### About this task
In the listing beneath this line, copy exactly the lines starting with the one containing "End IndexAlgebra." and going on through the one containing "Lemma curv_form_laurent (s".

### Data records
(* Let $M$ be a smooth 3-manifold with a smooth contact sub-Riemannian structure $(D,g)$, let $S\subset M$ be an embedded $C^2$ surface, and let $p\in S$ be a characteristic point. Near $p$ let $(X_1,X_2)$ be an oriented $g$-orthonormal frame of $D$ and $X_0$ a vector field transverse to $D$, and for $\varepsilon>0$ let $g^\varepsilon$ be the Riemannian metric for which $(\varepsilon X_0,X_1,X_2)$ is orthonormal. Then, as $\varepsilon\to0$, $$K^\varepsilon_{\mathrm{ext}}(p)=-\frac{3}{4\varepsilon^2}(c^0_{12}(p))^2+O(1).$$
   Context: A point $p\in S$ is characteristic if $T_pS=D_p$. The structure functions $c^k_{ij}$ are defined by $[X_j,X_i]=c^1_{ij}X_1+c^2_{ij}X_2+c^0_{ij}X_0$; $c^0_{12}$ is the $X_0$-coefficient of $[X_2,X_1]$. With $\overline\nabla^\varepsilon$ the Levi-Civita connection of $g^\varepsilon$ and $(X,Y)$ any frame of $TS$, the extrinsic curvature is $K^\varepsilon_{\mathrm{ext}}=\dfrac{\langle\overline\nabla^\varepsilon_X\overline\nabla^\varepsilon_YY-\overline\nabla^\varepsilon_Y\overline\nabla^\varepsilon_XY-\overline\nabla^\varepsilon_{[X,Y]}Y,X\rangle_{g^\varepsilon}}{|X|^2_{g^\varepsilon}|Y|^2_{g^\varepsilon}-\langle X,Y\rangle^2_{g^\varepsilon}}$ (the sectional curvature of $g^\varepsilon$ on the plane $TS$). *)

(* Local coordinate model of the
   3-manifold: an open set U of R^3 = 'rV[R]_3. *)
From HB Require Import structures.
From mathcomp Require Import all_boot all_order all_algebra.
From mathcomp Require Import all_classical all_reals all_analysis.
Set Implicit Arguments. Unset Strict Implicit. Unset Printing Implicit Defensive.
Import Order.TTheory GRing.Theory Num.Theory.
Import numFieldNormedType.Exports.
Local Open Scope ring_scope.
Local Open Scope classical_set_scope.

Section Defs.
Variable R : realType.
Local Notation V := 'rV[R]_3.

Definition ee (a : 'I_3) : V := delta_mx 0 a.

Definition pd (a : 'I_3) (f : V -> R) : V -> R := fun x => 'D_(ee a) f x.

Fixpoint Ck (k : nat) (U : set V) (f : V -> R) : Prop :=
  match k with
  | 0 => forall x, U x -> {for x, continuous f}
  | k'.+1 => (forall x, U x -> {for x, continuous f}) /\
             (forall a x, U x -> derivable f x (ee a)) /\
             (forall a, Ck k' U (pd a f))
  end.

Definition smooth_on (U : set V) (f : V -> R) := forall k, Ck k U f.

Definition vsmooth_on (U : set V) (X : V -> V) :=
  forall i : 'I_3, smooth_on U (fun y => X y 0 i).

Definition lie (X Y : V -> V) : V -> V := fun x =>
  \row_k \sum_(a < 3) (X x 0 a * pd a (fun y => Y y 0 k) x
                       - Y x 0 a * pd a (fun y => X y 0 k) x).

Definition frameM (X : 'I_3 -> V -> V) (x : V) : 'M[R]_3 :=
  \matrix_(i, j) X i x 0 j.

(* structure functions: [X_j, X_i] = sum_k c^k_{ij} X_k *)
Definition cstruct (X : 'I_3 -> V -> V) (k i j : 'I_3) (x : V) : R :=
  (lie (X j) (X i) x *m invmx (frameM X x)) 0 k.

Definition frameE (X : 'I_3 -> V -> V) (eps : R) (x : V) : 'M[R]_3 :=
  \matrix_(i, j) ((if i == 0 then eps else 1) * X i x 0 j).

(* metric g^eps in coordinates: g(u,v) = u G v^T, where (eps X0, X1, X2)
   is g-orthonormal;  and its inverse *)
Definition Gm X eps x : 'M[R]_3 :=
  invmx (frameE X eps x) *m (invmx (frameE X eps x))^T.
Definition Ginv X eps x : 'M[R]_3 := (frameE X eps x)^T *m frameE X eps x.

Definition gdot X eps x (u v : V) : R := (u *m Gm X eps x *m v^T) 0 0.

Definition Gam X eps (c a b : 'I_3) (x : V) : R :=
  2^-1 * \sum_(d < 3) Ginv X eps x c d *
     (pd a (fun y => Gm X eps y b d) x + pd b (fun y => Gm X eps y a d) x
      - pd d (fun y => Gm X eps y a b) x).

(* Riemann tensor: R(d_a,d_b) d_c = sum_d Rm d a b c d_d, where
   R(X,Y)Z = nabla_X nabla_Y Z - nabla_Y nabla_X Z - nabla_[X,Y] Z *)
Definition Rm X eps (d a b c : 'I_3) (x : V) : R :=
  pd a (Gam X eps d b c) x - pd b (Gam X eps d a c) x
  + \sum_(e < 3) (Gam X eps d a e x * Gam X eps e b c x
                  - Gam X eps d b e x * Gam X eps e a c x).

Definition Kext X eps (x u v : V) : R :=
  (\sum_(a < 3) \sum_(b < 3) \sum_(c < 3) \sum_(d < 3) \sum_(e < 3)
     u 0 a * v 0 b * v 0 c * Rm X eps d a b c x * Gm X eps x d e * u 0 e)
  / (gdot X eps x u u * gdot X eps x v v - (gdot X eps x u v) ^+ 2).

Definition C2_surface (S : set V) : Prop :=
  forall q, S q -> exists (W : set V) (phi : V -> R),
    [/\ open W, W q, Ck 2 W phi,
        (forall x, W x -> exists a, pd a phi x != 0) &
        (forall x, W x -> (S x <-> phi x = 0))].

Definition tangent_space (S : set V) (p : V) : set V :=
  [set w | exists gam : R -> V,
     [/\ gam 0 = p, \forall t \near (0 : R), S (gam t),
         derivable gam 0 1 & 'D_1 gam 0 = w]].

Definition distr (X : 'I_3 -> V -> V) (x : V) : set V :=
  [set w | exists s t : R, w = s *: X 1 x + t *: X 2 x].

End Defs.

(* In the coordinates of the frame, g^eps = A + eps^-2 theta (x) theta, where theta is the
   coframe form annihilating D and A is the horizontal part, and its inverse is
   P + eps^2 X_0 (x) X_0.  The Christoffel symbols are therefore
   eps^-2 Gam1 + Gam0 + eps^2 GamN, and <R(u,v)v, u> is a Laurent polynomial in eps^2
   ranging from eps^-4 to eps^4.  Now Gam1 = 1/2 P K, with K the Koszul combination of
   the derivatives of theta (x) theta; on two vectors of D = ker theta, K is a multiple
   of theta, which P annihilates.  So Gam1 vanishes on D x D; this kills the eps^-4
   coefficient, and the eps^-2 coefficient collapses to -3/4 dtheta(u,v)^2.  For u, v
   in D the Gram determinant |u|^2 |v|^2 - <u,v>^2 = det^2 does not depend on eps, and
   dtheta(u,v) = det * dtheta(X_1,X_2) = det * c^0_12, so the rest is bounded for
   0 < eps < 1. *)

From HB Require Import structures.
From mathcomp Require Import all_boot all_order all_algebra.
From mathcomp Require Import all_classical all_reals all_analysis.
From mathcomp Require Import ring.
Import Order.TTheory GRing.Theory Num.Theory.
Import numFieldNormedType.Exports.
Local Open Scope ring_scope.
Local Open Scope classical_set_scope.
Set Implicit Arguments. Unset Strict Implicit. Unset Printing Implicit Defensive.

Lemma span_det_neq0 (K : fieldType) n (x y u v : 'rV[K]_n) (s1 t1 s2 t2 : K) :
  u = s1 *: x + t1 *: y -> v = s2 *: x + t2 *: y ->
  (forall s t : K, s *: u + t *: v = 0 -> s = 0 /\ t = 0) -> s1 * t2 - t1 * s2 != 0.
Proof.
move=> hu hv indep; apply/eqP => det0.
have comb s t : s *: u + t *: v = (s * s1 + t * s2) *: x + (s * t1 + t * t2) *: y.
  by rewrite hu hv; apply/rowP => e; rewrite !mxE; ring.
have [t2_0 /eqP] : t2 = 0 /\ - t1 = 0.
  apply: indep; rewrite comb (_ : t2 * s1 + - t1 * s2 = 0); last by rewrite -det0; ring.
  by rewrite (_ : t2 * t1 + - t1 * t2 = 0) ?scale0r ?addr0 //; ring.
rewrite oppr_eq0 => /eqP t1_0.
have [_ /eqP] : s2 = 0 /\ - s1 = 0.
  apply: indep; rewrite comb (_ : s2 * s1 + - s1 * s2 = 0); last by ring.
  by rewrite (_ : s2 * t1 + - s1 * t2 = 0) ?scale0r ?addr0 //; rewrite -oppr0 -det0; ring.
rewrite oppr_eq0 => /eqP s1_0.
have : 1 *: u + 0 *: v = 0 by rewrite hu s1_0 t1_0 !scale0r !addr0 scaler0.
by move/indep => [/eqP]; rewrite oner_eq0.
Qed.

Lemma laurent_remainder_le (R : realFieldType) (D c n0 n1 n2 eps : R) :
  D != 0 -> 0 < eps -> eps < 1 ->
  `| ((eps ^+ 2)^-1 * (- (3 / 4) * (D * c) ^+ 2) + n0 + eps ^+ 2 * n1
       + (eps ^+ 2) ^+ 2 * n2) / D ^+ 2 + 3 / (4 * eps ^+ 2) * c ^+ 2 |
  <= (`|n0| + `|n1| + `|n2|) / D ^+ 2.
Proof.
move=> D0 eps_gt0 eps_lt1.
have -> : ((eps ^+ 2)^-1 * (- (3 / 4) * (D * c) ^+ 2) + n0 + eps ^+ 2 * n1
    + (eps ^+ 2) ^+ 2 * n2) / D ^+ 2 + 3 / (4 * eps ^+ 2) * c ^+ 2 =
    (n0 + eps ^+ 2 * n1 + (eps ^+ 2) ^+ 2 * n2) / D ^+ 2.
  by field; rewrite D0 gt_eqF.
have D2_gt0 : 0 < D ^+ 2 by rewrite exprn_even_gt0.
have Di_ge0 : 0 <= (D ^+ 2)^-1 by rewrite invr_ge0 ltW.
rewrite normrM (ger0_norm Di_ge0) ler_pM2r ?invr_gt0 //.
have e2_ge0 : 0 <= eps ^+ 2 by rewrite sqr_ge0.
have e2_le1 : eps ^+ 2 <= 1 by rewrite expr_le1 // ltW.
have e4_le1 : (eps ^+ 2) ^+ 2 <= 1 by rewrite expr_le1.
rewrite (le_trans (ler_normD _ _)) // lerD //; last first.
  by rewrite normrM (ger0_norm (exprn_ge0 2 e2_ge0)); apply: ler_piMl.
rewrite (le_trans (ler_normD _ _)) // lerD // normrM ger0_norm //.
exact: ler_piMl.
Qed.

Section IndexAlgebra.
Variable R : numFieldType.

Lemma sum3E (F : 'I_3 -> R) : \sum_(i < 3) F i = F 0 + F 1 + F 2.
Proof. by rewrite !big_ord_recr big_ord0 /= add0r; congr (F _ + F _ + F _); exact: val_inj. Qed.

Definition dot (x y : 'I_3 -> R) := \sum_(i < 3) x i * y i.

Definition bform (M : 'I_3 -> 'I_3 -> R) (x y : 'I_3 -> R) :=
  \sum_(a < 3) \sum_(c < 3) x a * y c * M a c.

Definition koszul (D : 'I_3 -> 'I_3 -> 'I_3 -> R) (a b f : 'I_3) := D a b f + D b a f - D f a b.

(* [Rm] is convertible to [riem_lin dGam + quad Gam Gam], with [dGam x] the
   partial derivatives of [Gam]. *)
Definition riem_lin (dG : 'I_3 -> 'I_3 -> 'I_3 -> 'I_3 -> R) (d a b c : 'I_3) :=
  dG a d b c - dG b d a c.

Definition quad (A B : 'I_3 -> 'I_3 -> 'I_3 -> R) (d a b c : 'I_3) :=
  \sum_(e < 3) (A d a e * B e b c - A d b e * B e a c).

Lemma riem_laurent (s t : R) (G1 G0 Gn : 'I_3 -> 'I_3 -> 'I_3 -> R)
    (dG1 dG0 dGn : 'I_3 -> 'I_3 -> 'I_3 -> 'I_3 -> R) d a b c :
  s * t = 1 ->
  let G c a b := s * G1 c a b + G0 c a b + t * Gn c a b in
  let dG x c a b := s * dG1 x c a b + dG0 x c a b + t * dGn x c a b in
  riem_lin dG d a b c + quad G G d a b c =
    s ^+ 2 * quad G1 G1 d a b c
    + s * (riem_lin dG1 d a b c + quad G1 G0 d a b c + quad G0 G1 d a b c)
    + (riem_lin dG0 d a b c + quad G0 G0 d a b c + quad G1 Gn d a b c + quad Gn G1 d a b c)
    + t * (riem_lin dGn d a b c + quad G0 Gn d a b c + quad Gn G0 d a b c)
    + t ^+ 2 * quad Gn Gn d a b c.
Proof.
(* Using [s * t = 1], the [s * t] cross terms go to the constant coefficient. *)
move=> st G dG; rewrite -[quad G1 Gn _ _ _ _]mul1r -[quad Gn G1 _ _ _ _]mul1r -st.
by rewrite /G /dG /riem_lin /quad !sum3E; ring.
Qed.

End IndexAlgebra.

Section Contractions.
Variable R : numFieldType.
Variables (u v w : 'I_3 -> R).

Definition curv_form (F : 'I_3 -> 'I_3 -> 'I_3 -> 'I_3 -> R) :=
  \sum_(a < 3) \sum_(b < 3) \sum_(c < 3) \sum_(d < 3) u a * v b * v c * F d a b c * w d.

Lemma curv_formD F G :
  curv_form (fun d a b c => F d a b c + G d a b c) = curv_form F + curv_form G.
Proof.
rewrite /curv_form -big_split; apply: eq_bigr => a _; rewrite -big_split.
apply: eq_bigr => b _; rewrite -big_split; apply: eq_bigr => c _; rewrite -big_split.
by apply: eq_bigr => d _; rewrite mulrDr mulrDl.
Qed.

Lemma curv_formZ k F : curv_form (fun d a b c => k * F d a b c) = k * curv_form F.
Proof.
rewrite /curv_form mulr_sumr; apply: eq_bigr => a _; rewrite mulr_sumr.
apply: eq_bigr => b _; rewrite mulr_sumr; apply: eq_bigr => c _; rewrite mulr_sumr.
by apply: eq_bigr => d _; rewrite mulrCA !mulrA.
Qed.

Lemma curv_form_laurent (s t : R) F2 F1 F0 Fn1 Fn2 :
  curv_form (fun d a b c => s ^+ 2 * F2 d a b c + s * F1 d a b c + F0 d a b c
                           + t * Fn1 d a b c + t ^+ 2 * Fn2 d a b c) =
  s ^+ 2 * curv_form F2 + s * curv_form F1 + curv_form F0 + t * curv_form Fn1
  + t ^+ 2 * curv_form Fn2.
Proof. by rewrite !curv_formD !curv_formZ. Qed.

Definition bilin (B : 'I_3 -> 'I_3 -> 'I_3 -> R) (x y : 'I_3 -> R) (e : 'I_3) :=
  \sum_(a < 3) \sum_(b < 3) x a * y b * B e a b.

Definition wform (A : 'I_3 -> 'I_3 -> 'I_3 -> R) (x : 'I_3 -> R) (e : 'I_3) :=
  \sum_(a < 3) \sum_(d < 3) x a * w d * A d a e.

Lemma sum4_mul_sum (x y z : 'I_3 -> R) (A B : 'I_3 -> 'I_3 -> 'I_3 -> R) :
  \sum_(a < 3) \sum_(b < 3) \sum_(c < 3) \sum_(d < 3)
    x a * y b * z c * (\sum_(e < 3) A d a e * B e b c) * w d =
  \sum_(e < 3) wform A x e * bilin B y z e.
Proof. by rewrite /wform /bilin !sum3E; ring. Qed.

Lemma curv_form_quad A B : curv_form (quad A B) =
  \sum_(e < 3) wform A u e * bilin B v v e - \sum_(e < 3) wform A v e * bilin B u v e.
Proof.
rewrite /curv_form /quad -!sum4_mul_sum.
under eq_bigr => a _ do under eq_bigr => b _ do under eq_bigr => c _ do
  (under eq_bigr => d _ do rewrite sumrB mulrBr mulrBl; rewrite sumrB).
under eq_bigr => a _ do under eq_bigr => b _ do rewrite sumrB.
under eq_bigr => a _ do rewrite sumrB.
rewrite sumrB; congr (_ - _); rewrite exchange_big; apply: eq_bigr => b _.
apply: eq_bigr => a _; apply: eq_bigr => c _; apply: eq_bigr => d _.
by congr (_ * _ * _ * _); exact: mulrC.
Qed.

### Response to this exercise
End IndexAlgebra.

Section Contractions.
Variable R : numFieldType.
Variables (u v w : 'I_3 -> R).

Definition curv_form (F : 'I_3 -> 'I_3 -> 'I_3 -> 'I_3 -> R) :=
  \sum_(a < 3) \sum_(b < 3) \sum_(c < 3) \sum_(d < 3) u a * v b * v c * F d a b c * w d.

Lemma curv_formD F G :
  curv_form (fun d a b c => F d a b c + G d a b c) = curv_form F + curv_form G.
Proof.
rewrite /curv_form -big_split; apply: eq_bigr => a _; rewrite -big_split.
apply: eq_bigr => b _; rewrite -big_split; apply: eq_bigr => c _; rewrite -big_split.
by apply: eq_bigr => d _; rewrite mulrDr mulrDl.
Qed.

Lemma curv_formZ k F : curv_form (fun d a b c => k * F d a b c) = k * curv_form F.
Proof.
rewrite /curv_form mulr_sumr; apply: eq_bigr => a _; rewrite mulr_sumr.
apply: eq_bigr => b _; rewrite mulr_sumr; apply: eq_bigr => c _; rewrite mulr_sumr.
by apply: eq_bigr => d _; rewrite mulrCA !mulrA.
Qed.

Lemma curv_form_laurent (s t : R) F2 F1 F0 Fn1 Fn2 :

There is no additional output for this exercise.